* YOUR OBJECTIVE:
The answer should match the records character for character.

* DATA IN THIS EXERCISE:
(* Let $k \geq 2$ and let $\Sigma_k$ be an alphabet with $k$ letters. For $n \ge 0$ let $p_k(n)$ be the number of palstars of length $2n$ over $\Sigma_k$ and $u_k(n)$ the number of unbordered strings of length $n$ over $\Sigma_k$, and define the formal power series $P_k(X) = \sum_{n \geq 0} p_k(n) X^n$ and $U_k(X) = \sum_{n\geq 0} u_k(n) X^n$. Then $$P_k(X) = \frac{1}{2 - U_k(X)}.$$
   Context: Let $P = \{ x x^R : x \in \Sigma_k^+\}$ be the set of nonempty even-length palindromes over $\Sigma_k$ (here $x^R$ is the reversal of $x$). A palstar is an element of $P^* = \bigcup_{i\ge 0} P^i$, i.e. a (possibly empty) concatenation of nonempty even-length palindromes; the empty string is a palstar, so $p_k(0)=1$. A nonempty string $x$ is a border of a string $y$ if $x \neq y$ and $x$ is both a prefix and a suffix of $y$; $y$ is unbordered if it has no border (so the empty string is unbordered and $u_k(0)=1$). *)

From mathcomp Require Import all_boot all_algebra.
From mathcomp Require Import boolp.
Set Implicit Arguments. Unset Strict Implicit. Unset Printing Implicit Defensive.
Import GRing.Theory.
Local Open Scope ring_scope.

Definition palstar (T : eqType) (s : seq T) : Prop :=
  exists xs : seq (seq T),
    all (fun x => x != [::]) xs /\ s = flatten [seq x ++ rev x | x <- xs].

Definition is_border (T : eqType) (x y : seq T) : Prop :=
  x != [::] /\ x != y /\ prefix x y /\ suffix x y.

Definition unbordered (T : eqType) (y : seq T) : Prop :=
  ~ (exists x, is_border x y).

Definition p_count (k n : nat) : nat :=
  #|[set w : (n.*2).-tuple 'I_k | `[< palstar (tval w) >]]|.

Definition u_count (k n : nat) : nat :=
  #|[set w : n.-tuple 'I_k | `[< unbordered (tval w) >]]|.

(* Formal power series over int, represented by coefficient sequences. *)
Definition pser := nat -> int.
Definition pser_const (c : int) : pser := fun n => if n == 0%N then c else 0.
Definition pser_sub (f g : pser) : pser := fun n => f n - g n.
Definition pser_mul (f g : pser) : pser :=
  fun n => \sum_(i < n.+1) f i * g (n - i)%N.

Definition P_k (k : nat) : pser := fun n => (p_count k n)%:Z.
Definition U_k (k : nat) : pser := fun n => (u_count k n)%:Z.

From mathcomp Require Import all_boot all_algebra.
From mathcomp Require Import boolp.
From mathcomp Require Import zify.
Set Implicit Arguments. Unset Strict Implicit. Unset Printing Implicit Defensive.

(* A nonempty palstar factors uniquely as [p ++ w'] with [w'] a palstar and
   [p] its shortest nonempty even palindromic prefix; [p] is then a prime
   palindrome, i.e. an even palindrome with no even proper border, since the
   even borders of a palindrome are its even palindromic prefixes.  Hence
   [p(n) = \sum_(1 <= m <= n) q(m) p(n - m)] where [q(m)] counts the prime
   palindromes of length [2m].
   Splitting a word [w] of length [m] at its shortest border [b], which is at
   most half as long as [w], writes [w = b ++ z ++ b] with [b] unbordered and
   [z] arbitrary, so [k^m = u(m) + \sum_(0 < 2j <= m) u(j) k^(m - 2j)];
   splitting the even palindromes of length [2m] at their shortest even
   border gives the same recurrence for [q], hence [q = u] and
   [p = 1 + p * (u - 1)], which is [P_k * (2 - U_k) = 1]. *)

Lemma size_eq_sum_count (X : eqType) (s : seq X) (f : X -> nat) N :
  (forall x, x \in s -> f x < N) ->
  size s = \sum_(j < N) count (fun x => f x == j) s.
Proof.
elim: s => [|x s IH] fs_lt /=; first by rewrite big1.
rewrite big_split /= -IH => [|y ys]; last by apply: fs_lt; rewrite inE ys orbT.
have fx_lt : f x < N by apply: fs_lt; rewrite inE eqxx.
rewrite (bigD1 (Ordinal fx_lt)) //= eqxx big1 ?addn0 ?add1n // => i.
by case: (f x =P i) => // fx_i /eqP[]; apply: val_inj.
Qed.

Section Words.
Variable T : finType.

Fixpoint words (n : nat) : seq (seq T) :=
  if n is n'.+1 then [seq x :: w | x <- enum T, w <- words n'] else [:: [::]].

Lemma mem_words n w : (w \in words n) = (size w == n).
Proof.
elim: n w => [|n IH] [|x w] /=; rewrite ?inE //.
  by apply/allpairsP => -[[a b] /= [_ _]].
apply/allpairsP/idP => [[[a b] /= [_ b_in [_ ->]]] | w_size]; first by rewrite eqSS -IH.
by exists (x, w); rewrite /= mem_enum IH.
Qed.

Lemma uniq_words n : uniq (words n).
Proof.
elim: n => [|n IH] //=; apply: allpairs_uniq => //; first exact: enum_uniq.
by move=> [a b] [c d] _ _ /= [-> ->].
Qed.

Lemma size_words n : size (words n) = #|T| ^ n.
Proof. by elim: n => [|n IH] //=; rewrite size_allpairs IH -cardE expnS. Qed.

Lemma card_tuple_count (P : pred (seq T)) n :
  #|[set w : n.-tuple T | P w]| = count P (words n).
Proof.
rewrite cardsE cardE /enum_mem size_filter -enumT.
rewrite (eq_count (a2 := P \o val)) // -count_map.
apply/permP/uniq_perm; [by rewrite map_inj_uniq ?enum_uniq //; apply: val_inj|
  exact: uniq_words|] => w.
rewrite mem_words; apply/mapP/idP => [[t _ ->]|/eqP w_size]; first by rewrite size_tuple.
by exists (Tuple (introT eqP w_size)); rewrite ?mem_enum.
Qed.

End Words.

Section Least.
Variable P : pred nat.

(* The least [i < n] satisfying [P], or [n] if there is none. *)
Definition least n := find P (iota 0 n).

* EXERCISE RESPONSE:
(* Let $k \geq 2$ and let $\Sigma_k$ be an alphabet with $k$ letters. For $n \ge 0$ let $p_k(n)$ be the number of palstars of length $2n$ over $\Sigma_k$ and $u_k(n)$ the number of unbordered strings of length $n$ over $\Sigma_k$, and define the formal power series $P_k(X) = \sum_{n \geq 0} p_k(n) X^n$ and $U_k(X) = \sum_{n\geq 0} u_k(n) X^n$. Then $$P_k(X) = \frac{1}{2 - U_k(X)}.$$
   Context: Let $P = \{ x x^R : x \in \Sigma_k^+\}$ be the set of nonempty even-length palindromes over $\Sigma_k$ (here $x^R$ is the reversal of $x$). A palstar is an element of $P^* = \bigcup_{i\ge 0} P^i$, i.e. a (possibly empty) concatenation of nonempty even-length palindromes; the empty string is a palstar, so $p_k(0)=1$. A nonempty string $x$ is a border of a string $y$ if $x \neq y$ and $x$ is both a prefix and a suffix of $y$; $y$ is unbordered if it has no border (so the empty string is unbordered and $u_k(0)=1$). *)

From mathcomp Require Import all_boot all_algebra.
From mathcomp Require Import boolp.
Set Implicit Arguments. Unset Strict Implicit. Unset Printing Implicit Defensive.
Import GRing.Theory.
Local Open Scope ring_scope.

Definition palstar (T : eqType) (s : seq T) : Prop :=
  exists xs : seq (seq T),
    all (fun x => x != [::]) xs /\ s = flatten [seq x ++ rev x | x <- xs].

Definition is_border (T : eqType) (x y : seq T) : Prop :=
  x != [::] /\ x != y /\ prefix x y /\ suffix x y.

Definition unbordered (T : eqType) (y : seq T) : Prop :=
  ~ (exists x, is_border x y).

Definition p_count (k n : nat) : nat :=
  #|[set w : (n.*2).-tuple 'I_k | `[< palstar (tval w) >]]|.

Definition u_count (k n : nat) : nat :=
  #|[set w : n.-tuple 'I_k | `[< unbordered (tval w) >]]|.

(* Formal power series over int, represented by coefficient sequences. *)
Definition pser := nat -> int.
Definition pser_const (c : int) : pser := fun n => if n == 0%N then c else 0.
Definition pser_sub (f g : pser) : pser := fun n => f n - g n.
Definition pser_mul (f g : pser) : pser :=
  fun n => \sum_(i < n.+1) f i * g (n - i)%N.

Definition P_k (k : nat) : pser := fun n => (p_count k n)%:Z.
Definition U_k (k : nat) : pser := fun n => (u_count k n)%:Z.

From mathcomp Require Import all_boot all_algebra.
From mathcomp Require Import boolp.
From mathcomp Require Import zify.
Set Implicit Arguments. Unset Strict Implicit. Unset Printing Implicit Defensive.

(* A nonempty palstar factors uniquely as [p ++ w'] with [w'] a palstar and
   [p] its shortest nonempty even palindromic prefix; [p] is then a prime
   palindrome, i.e. an even palindrome with no even proper border, since the
   even borders of a palindrome are its even palindromic prefixes.  Hence
   [p(n) = \sum_(1 <= m <= n) q(m) p(n - m)] where [q(m)] counts the prime
   palindromes of length [2m].
   Splitting a word [w] of length [m] at its shortest border [b], which is at
   most half as long as [w], writes [w = b ++ z ++ b] with [b] unbordered and
   [z] arbitrary, so [k^m = u(m) + \sum_(0 < 2j <= m) u(j) k^(m - 2j)];
   splitting the even palindromes of length [2m] at their shortest even
   border gives the same recurrence for [q], hence [q = u] and
   [p = 1 + p * (u - 1)], which is [P_k * (2 - U_k) = 1]. *)

Lemma size_eq_sum_count (X : eqType) (s : seq X) (f : X -> nat) N :
  (forall x, x \in s -> f x < N) ->
  size s = \sum_(j < N) count (fun x => f x == j) s.
Proof.
elim: s => [|x s IH] fs_lt /=; first by rewrite big1.
rewrite big_split /= -IH => [|y ys]; last by apply: fs_lt; rewrite inE ys orbT.
have fx_lt : f x < N by apply: fs_lt; rewrite inE eqxx.
rewrite (bigD1 (Ordinal fx_lt)) //= eqxx big1 ?addn0 ?add1n // => i.
by case: (f x =P i) => // fx_i /eqP[]; apply: val_inj.
Qed.

Section Words.
Variable T : finType.

Fixpoint words (n : nat) : seq (seq T) :=
  if n is n'.+1 then [seq x :: w | x <- enum T, w <- words n'] else [:: [::]].

Lemma mem_words n w : (w \in words n) = (size w == n).
Proof.
elim: n w => [|n IH] [|x w] /=; rewrite ?inE //.
  by apply/allpairsP => -[[a b] /= [_ _]].
apply/allpairsP/idP => [[[a b] /= [_ b_in [_ ->]]] | w_size]; first by rewrite eqSS -IH.
by exists (x, w); rewrite /= mem_enum IH.
Qed.

Lemma uniq_words n : uniq (words n).
Proof.
elim: n => [|n IH] //=; apply: allpairs_uniq => //; first exact: enum_uniq.
by move=> [a b] [c d] _ _ /= [-> ->].
Qed.

Lemma size_words n : size (words n) = #|T| ^ n.
Proof. by elim: n => [|n IH] //=; rewrite size_allpairs IH -cardE expnS. Qed.

Lemma card_tuple_count (P : pred (seq T)) n :
  #|[set w : n.-tuple T | P w]| = count P (words n).
Proof.
rewrite cardsE cardE /enum_mem size_filter -enumT.
rewrite (eq_count (a2 := P \o val)) // -count_map.
apply/permP/uniq_perm; [by rewrite map_inj_uniq ?enum_uniq //; apply: val_inj|
  exact: uniq_words|] => w.
rewrite mem_words; apply/mapP/idP => [[t _ ->]|/eqP w_size]; first by rewrite size_tuple.
by exists (Tuple (introT eqP w_size)); rewrite ?mem_enum.
Qed.

End Words.

Section Least.
Variable P : pred nat.

(* The least [i < n] satisfying [P], or [n] if there is none. *)
Definition least n := find P (iota 0 n).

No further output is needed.